Directions: Go to the line below containing "have -> : count P (iota i (k - i)) = 0%N." and print exactly from there through the line containing "Section StepIntegral.", both included. Print nothing else.

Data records
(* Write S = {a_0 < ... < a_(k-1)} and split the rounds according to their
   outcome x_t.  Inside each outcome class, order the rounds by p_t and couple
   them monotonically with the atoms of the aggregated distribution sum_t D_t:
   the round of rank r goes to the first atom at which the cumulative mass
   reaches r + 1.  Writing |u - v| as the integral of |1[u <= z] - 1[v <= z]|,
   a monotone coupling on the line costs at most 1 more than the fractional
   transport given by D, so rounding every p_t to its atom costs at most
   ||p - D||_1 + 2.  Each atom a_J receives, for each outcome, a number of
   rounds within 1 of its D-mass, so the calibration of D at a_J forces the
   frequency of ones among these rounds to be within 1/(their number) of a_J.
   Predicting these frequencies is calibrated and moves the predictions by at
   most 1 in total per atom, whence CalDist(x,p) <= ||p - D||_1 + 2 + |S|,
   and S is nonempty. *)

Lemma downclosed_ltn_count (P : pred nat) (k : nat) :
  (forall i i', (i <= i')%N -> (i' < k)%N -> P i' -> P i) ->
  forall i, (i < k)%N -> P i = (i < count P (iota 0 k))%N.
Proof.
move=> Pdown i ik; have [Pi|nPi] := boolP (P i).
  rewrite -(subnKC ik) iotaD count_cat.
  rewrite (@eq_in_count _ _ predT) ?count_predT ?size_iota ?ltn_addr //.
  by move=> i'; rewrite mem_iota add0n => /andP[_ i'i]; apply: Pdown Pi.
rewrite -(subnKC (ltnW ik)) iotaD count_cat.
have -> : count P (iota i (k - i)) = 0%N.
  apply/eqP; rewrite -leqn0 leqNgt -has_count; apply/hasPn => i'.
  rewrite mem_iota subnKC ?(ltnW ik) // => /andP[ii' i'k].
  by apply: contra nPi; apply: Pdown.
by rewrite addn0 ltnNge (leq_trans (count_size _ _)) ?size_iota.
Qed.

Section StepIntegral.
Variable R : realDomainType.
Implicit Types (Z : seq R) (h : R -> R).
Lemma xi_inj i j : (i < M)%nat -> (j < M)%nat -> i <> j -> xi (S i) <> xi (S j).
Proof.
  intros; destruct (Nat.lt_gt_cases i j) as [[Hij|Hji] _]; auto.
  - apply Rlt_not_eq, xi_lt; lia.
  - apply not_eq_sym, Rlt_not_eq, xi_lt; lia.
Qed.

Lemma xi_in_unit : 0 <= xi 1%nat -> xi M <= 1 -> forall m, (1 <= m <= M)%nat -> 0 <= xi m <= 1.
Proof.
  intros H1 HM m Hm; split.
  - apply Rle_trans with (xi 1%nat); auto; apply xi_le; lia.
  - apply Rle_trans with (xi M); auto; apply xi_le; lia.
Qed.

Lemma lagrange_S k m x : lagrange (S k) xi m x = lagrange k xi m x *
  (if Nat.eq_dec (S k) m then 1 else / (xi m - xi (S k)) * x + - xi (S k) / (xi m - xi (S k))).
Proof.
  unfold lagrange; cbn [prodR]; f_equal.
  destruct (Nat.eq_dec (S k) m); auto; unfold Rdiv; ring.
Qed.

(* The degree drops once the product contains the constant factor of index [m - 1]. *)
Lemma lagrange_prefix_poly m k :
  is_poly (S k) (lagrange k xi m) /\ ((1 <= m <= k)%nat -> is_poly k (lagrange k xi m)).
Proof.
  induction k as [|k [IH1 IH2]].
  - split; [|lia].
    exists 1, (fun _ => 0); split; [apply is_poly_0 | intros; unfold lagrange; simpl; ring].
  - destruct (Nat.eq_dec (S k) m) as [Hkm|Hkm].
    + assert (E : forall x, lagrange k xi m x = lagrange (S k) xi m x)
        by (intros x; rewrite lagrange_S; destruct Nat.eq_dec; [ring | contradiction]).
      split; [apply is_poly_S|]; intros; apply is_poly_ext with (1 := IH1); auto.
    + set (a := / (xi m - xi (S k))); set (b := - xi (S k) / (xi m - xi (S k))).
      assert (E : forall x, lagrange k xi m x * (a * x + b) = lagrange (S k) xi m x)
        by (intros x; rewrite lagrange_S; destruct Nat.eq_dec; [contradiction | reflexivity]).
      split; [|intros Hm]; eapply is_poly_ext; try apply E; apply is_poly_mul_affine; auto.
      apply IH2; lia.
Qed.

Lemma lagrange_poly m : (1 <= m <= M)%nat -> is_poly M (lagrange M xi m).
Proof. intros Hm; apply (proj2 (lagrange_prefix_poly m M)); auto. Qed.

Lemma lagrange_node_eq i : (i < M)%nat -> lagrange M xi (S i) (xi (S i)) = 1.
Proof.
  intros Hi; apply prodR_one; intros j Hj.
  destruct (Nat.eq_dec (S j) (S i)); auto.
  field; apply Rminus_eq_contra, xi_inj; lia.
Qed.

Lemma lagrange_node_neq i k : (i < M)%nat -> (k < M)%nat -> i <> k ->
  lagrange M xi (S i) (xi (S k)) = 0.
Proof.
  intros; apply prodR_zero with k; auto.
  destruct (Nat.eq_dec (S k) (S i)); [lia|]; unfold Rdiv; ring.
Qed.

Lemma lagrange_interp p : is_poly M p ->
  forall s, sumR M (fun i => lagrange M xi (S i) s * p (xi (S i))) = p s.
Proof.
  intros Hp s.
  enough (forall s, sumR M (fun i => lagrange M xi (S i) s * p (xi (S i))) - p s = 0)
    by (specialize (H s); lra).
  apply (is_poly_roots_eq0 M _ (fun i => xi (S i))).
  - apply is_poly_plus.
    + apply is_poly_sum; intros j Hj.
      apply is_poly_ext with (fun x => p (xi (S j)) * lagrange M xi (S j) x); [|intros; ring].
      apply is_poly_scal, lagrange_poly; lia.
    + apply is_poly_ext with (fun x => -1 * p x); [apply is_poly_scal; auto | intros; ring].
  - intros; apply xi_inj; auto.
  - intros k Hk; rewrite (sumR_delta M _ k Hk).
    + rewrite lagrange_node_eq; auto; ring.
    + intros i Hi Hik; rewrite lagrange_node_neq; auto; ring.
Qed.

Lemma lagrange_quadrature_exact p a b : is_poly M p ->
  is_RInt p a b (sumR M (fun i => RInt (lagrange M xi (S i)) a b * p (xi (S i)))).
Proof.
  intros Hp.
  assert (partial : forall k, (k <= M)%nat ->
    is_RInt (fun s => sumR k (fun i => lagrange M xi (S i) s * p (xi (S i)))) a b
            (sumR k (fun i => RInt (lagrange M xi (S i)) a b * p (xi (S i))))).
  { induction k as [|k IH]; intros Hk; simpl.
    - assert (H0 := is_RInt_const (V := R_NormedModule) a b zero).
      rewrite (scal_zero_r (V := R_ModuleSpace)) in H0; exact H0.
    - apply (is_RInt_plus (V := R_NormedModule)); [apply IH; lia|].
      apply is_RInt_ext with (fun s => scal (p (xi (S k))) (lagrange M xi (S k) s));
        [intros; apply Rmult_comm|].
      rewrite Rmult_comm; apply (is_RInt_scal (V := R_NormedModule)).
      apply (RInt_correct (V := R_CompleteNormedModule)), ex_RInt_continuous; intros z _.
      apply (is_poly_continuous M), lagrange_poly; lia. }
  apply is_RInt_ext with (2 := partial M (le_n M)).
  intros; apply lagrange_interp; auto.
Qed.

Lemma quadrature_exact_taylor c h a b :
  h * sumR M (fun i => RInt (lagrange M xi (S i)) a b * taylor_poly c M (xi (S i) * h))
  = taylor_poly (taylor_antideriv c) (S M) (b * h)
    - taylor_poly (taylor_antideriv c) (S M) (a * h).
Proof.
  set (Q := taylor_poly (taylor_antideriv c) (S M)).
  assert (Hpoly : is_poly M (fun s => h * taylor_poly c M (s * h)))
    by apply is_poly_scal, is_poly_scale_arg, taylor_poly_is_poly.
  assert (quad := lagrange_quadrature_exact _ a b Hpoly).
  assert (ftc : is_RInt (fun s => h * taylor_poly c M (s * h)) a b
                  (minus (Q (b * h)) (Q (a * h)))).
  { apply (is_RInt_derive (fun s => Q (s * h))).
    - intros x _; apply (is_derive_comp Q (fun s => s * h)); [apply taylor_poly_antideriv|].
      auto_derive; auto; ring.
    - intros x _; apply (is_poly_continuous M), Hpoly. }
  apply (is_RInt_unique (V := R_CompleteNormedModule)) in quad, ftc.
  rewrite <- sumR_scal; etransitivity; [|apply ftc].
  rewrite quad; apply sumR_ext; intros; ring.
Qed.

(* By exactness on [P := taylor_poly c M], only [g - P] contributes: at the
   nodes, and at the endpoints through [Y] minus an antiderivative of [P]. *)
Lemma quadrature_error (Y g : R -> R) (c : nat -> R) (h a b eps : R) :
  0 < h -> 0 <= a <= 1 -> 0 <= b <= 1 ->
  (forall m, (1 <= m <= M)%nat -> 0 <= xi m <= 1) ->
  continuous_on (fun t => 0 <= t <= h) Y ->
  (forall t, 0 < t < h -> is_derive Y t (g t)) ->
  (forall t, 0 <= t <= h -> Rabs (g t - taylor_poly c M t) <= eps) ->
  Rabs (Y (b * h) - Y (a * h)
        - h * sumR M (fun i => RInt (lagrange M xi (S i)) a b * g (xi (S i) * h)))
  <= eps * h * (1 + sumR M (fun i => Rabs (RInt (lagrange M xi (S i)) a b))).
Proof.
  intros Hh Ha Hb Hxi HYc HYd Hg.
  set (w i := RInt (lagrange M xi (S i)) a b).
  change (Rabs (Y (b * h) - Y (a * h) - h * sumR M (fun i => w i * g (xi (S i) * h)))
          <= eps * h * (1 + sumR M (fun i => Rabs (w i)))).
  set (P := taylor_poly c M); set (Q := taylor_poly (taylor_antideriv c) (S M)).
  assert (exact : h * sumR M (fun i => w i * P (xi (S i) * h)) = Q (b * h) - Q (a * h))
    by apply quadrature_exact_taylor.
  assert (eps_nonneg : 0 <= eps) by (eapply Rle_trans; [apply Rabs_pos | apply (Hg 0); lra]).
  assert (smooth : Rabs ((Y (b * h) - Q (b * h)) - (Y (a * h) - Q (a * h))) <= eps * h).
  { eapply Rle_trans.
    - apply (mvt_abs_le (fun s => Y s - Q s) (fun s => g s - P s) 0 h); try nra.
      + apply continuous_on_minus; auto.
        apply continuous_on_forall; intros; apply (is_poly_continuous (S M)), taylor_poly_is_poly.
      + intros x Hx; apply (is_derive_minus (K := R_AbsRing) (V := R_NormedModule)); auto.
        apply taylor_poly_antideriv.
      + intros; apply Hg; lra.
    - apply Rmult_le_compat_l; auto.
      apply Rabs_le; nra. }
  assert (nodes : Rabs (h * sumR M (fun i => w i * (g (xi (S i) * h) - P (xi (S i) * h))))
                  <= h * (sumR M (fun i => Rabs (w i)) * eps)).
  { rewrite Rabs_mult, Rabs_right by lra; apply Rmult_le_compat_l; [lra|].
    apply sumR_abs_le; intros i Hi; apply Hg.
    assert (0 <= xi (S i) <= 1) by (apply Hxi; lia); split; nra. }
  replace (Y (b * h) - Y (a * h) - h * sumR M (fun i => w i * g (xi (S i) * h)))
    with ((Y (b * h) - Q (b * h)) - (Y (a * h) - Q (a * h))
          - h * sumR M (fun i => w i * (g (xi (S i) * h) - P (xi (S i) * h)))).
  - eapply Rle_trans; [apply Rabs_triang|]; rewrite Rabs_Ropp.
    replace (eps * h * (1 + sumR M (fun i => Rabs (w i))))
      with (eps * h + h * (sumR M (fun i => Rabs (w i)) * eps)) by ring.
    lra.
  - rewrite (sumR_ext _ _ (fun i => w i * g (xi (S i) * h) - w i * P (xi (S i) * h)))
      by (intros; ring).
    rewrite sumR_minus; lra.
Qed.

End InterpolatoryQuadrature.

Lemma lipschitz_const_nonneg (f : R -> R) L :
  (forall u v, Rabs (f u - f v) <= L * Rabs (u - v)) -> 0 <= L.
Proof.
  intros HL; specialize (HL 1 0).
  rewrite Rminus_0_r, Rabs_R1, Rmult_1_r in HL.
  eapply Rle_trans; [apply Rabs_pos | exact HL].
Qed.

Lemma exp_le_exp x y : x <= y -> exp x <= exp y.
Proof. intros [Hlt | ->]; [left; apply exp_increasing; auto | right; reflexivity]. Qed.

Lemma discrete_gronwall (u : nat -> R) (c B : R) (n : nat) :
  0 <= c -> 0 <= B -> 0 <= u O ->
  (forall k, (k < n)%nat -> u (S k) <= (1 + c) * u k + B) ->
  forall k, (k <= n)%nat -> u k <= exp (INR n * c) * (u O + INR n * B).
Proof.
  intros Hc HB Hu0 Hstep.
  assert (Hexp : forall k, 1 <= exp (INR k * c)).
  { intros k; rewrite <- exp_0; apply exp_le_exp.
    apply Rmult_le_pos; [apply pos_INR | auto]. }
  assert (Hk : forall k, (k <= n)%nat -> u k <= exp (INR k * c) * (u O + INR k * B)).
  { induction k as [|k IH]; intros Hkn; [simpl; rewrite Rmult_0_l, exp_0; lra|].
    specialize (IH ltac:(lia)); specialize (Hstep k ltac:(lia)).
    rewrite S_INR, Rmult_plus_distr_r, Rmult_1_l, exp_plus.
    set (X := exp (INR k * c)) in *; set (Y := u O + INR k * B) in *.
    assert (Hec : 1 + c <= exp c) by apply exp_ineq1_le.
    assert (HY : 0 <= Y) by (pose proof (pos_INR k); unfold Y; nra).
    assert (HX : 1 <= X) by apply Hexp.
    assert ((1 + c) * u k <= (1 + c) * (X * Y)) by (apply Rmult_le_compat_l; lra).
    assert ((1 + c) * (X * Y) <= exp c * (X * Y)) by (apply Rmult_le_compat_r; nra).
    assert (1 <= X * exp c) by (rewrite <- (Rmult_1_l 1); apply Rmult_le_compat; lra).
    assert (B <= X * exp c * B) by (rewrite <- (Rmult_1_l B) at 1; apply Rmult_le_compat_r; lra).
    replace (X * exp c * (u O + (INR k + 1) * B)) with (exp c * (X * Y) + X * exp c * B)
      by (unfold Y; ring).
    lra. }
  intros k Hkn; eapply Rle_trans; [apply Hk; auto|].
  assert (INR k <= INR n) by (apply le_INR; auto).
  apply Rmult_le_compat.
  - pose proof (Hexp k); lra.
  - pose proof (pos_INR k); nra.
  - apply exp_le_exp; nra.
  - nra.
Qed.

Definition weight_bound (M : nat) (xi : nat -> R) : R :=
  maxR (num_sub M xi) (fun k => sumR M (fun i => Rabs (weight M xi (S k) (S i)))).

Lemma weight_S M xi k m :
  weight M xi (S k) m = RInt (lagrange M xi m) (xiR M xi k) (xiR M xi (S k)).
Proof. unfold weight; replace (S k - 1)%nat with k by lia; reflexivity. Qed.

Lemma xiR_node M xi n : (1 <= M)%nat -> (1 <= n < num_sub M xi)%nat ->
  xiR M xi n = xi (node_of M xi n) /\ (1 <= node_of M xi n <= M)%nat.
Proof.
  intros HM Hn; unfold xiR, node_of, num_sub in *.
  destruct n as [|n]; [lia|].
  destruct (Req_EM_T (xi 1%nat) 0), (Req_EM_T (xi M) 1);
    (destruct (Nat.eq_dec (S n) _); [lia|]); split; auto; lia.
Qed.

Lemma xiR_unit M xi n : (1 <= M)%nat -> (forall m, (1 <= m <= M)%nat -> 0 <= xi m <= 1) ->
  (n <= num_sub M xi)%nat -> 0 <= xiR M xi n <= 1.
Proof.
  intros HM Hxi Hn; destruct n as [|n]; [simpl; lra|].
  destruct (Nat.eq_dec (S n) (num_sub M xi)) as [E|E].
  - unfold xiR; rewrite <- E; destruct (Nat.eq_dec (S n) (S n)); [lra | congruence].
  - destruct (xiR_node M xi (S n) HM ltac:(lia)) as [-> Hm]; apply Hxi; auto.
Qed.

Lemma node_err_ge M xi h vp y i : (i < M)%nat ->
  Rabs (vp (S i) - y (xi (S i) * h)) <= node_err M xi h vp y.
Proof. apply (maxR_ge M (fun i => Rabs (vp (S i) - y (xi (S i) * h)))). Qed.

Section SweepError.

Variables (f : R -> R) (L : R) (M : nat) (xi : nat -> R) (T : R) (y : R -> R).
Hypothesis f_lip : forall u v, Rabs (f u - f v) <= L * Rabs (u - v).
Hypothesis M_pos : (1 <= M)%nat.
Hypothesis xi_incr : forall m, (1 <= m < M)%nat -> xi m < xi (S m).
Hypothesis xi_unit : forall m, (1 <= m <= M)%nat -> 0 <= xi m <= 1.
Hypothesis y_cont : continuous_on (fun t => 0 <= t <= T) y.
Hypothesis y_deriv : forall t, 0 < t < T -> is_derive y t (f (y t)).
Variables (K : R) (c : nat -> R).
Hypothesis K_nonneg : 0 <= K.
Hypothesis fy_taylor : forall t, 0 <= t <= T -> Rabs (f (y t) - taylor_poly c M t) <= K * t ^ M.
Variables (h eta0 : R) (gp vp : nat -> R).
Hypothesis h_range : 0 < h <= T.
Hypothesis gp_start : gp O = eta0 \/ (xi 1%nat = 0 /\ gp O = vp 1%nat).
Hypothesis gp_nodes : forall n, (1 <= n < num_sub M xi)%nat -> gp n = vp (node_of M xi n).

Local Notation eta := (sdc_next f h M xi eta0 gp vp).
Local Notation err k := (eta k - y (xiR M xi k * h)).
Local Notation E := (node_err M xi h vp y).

Answer section:
have -> : count P (iota i (k - i)) = 0%N.
  apply/eqP; rewrite -leqn0 leqNgt -has_count; apply/hasPn => i'.
  rewrite mem_iota subnKC ?(ltnW ik) // => /andP[ii' i'k].
  by apply: contra nPi; apply: Pdown.
by rewrite addn0 ltnNge (leq_trans (count_size _ _)) ?size_iota.
Qed.

Section StepIntegral.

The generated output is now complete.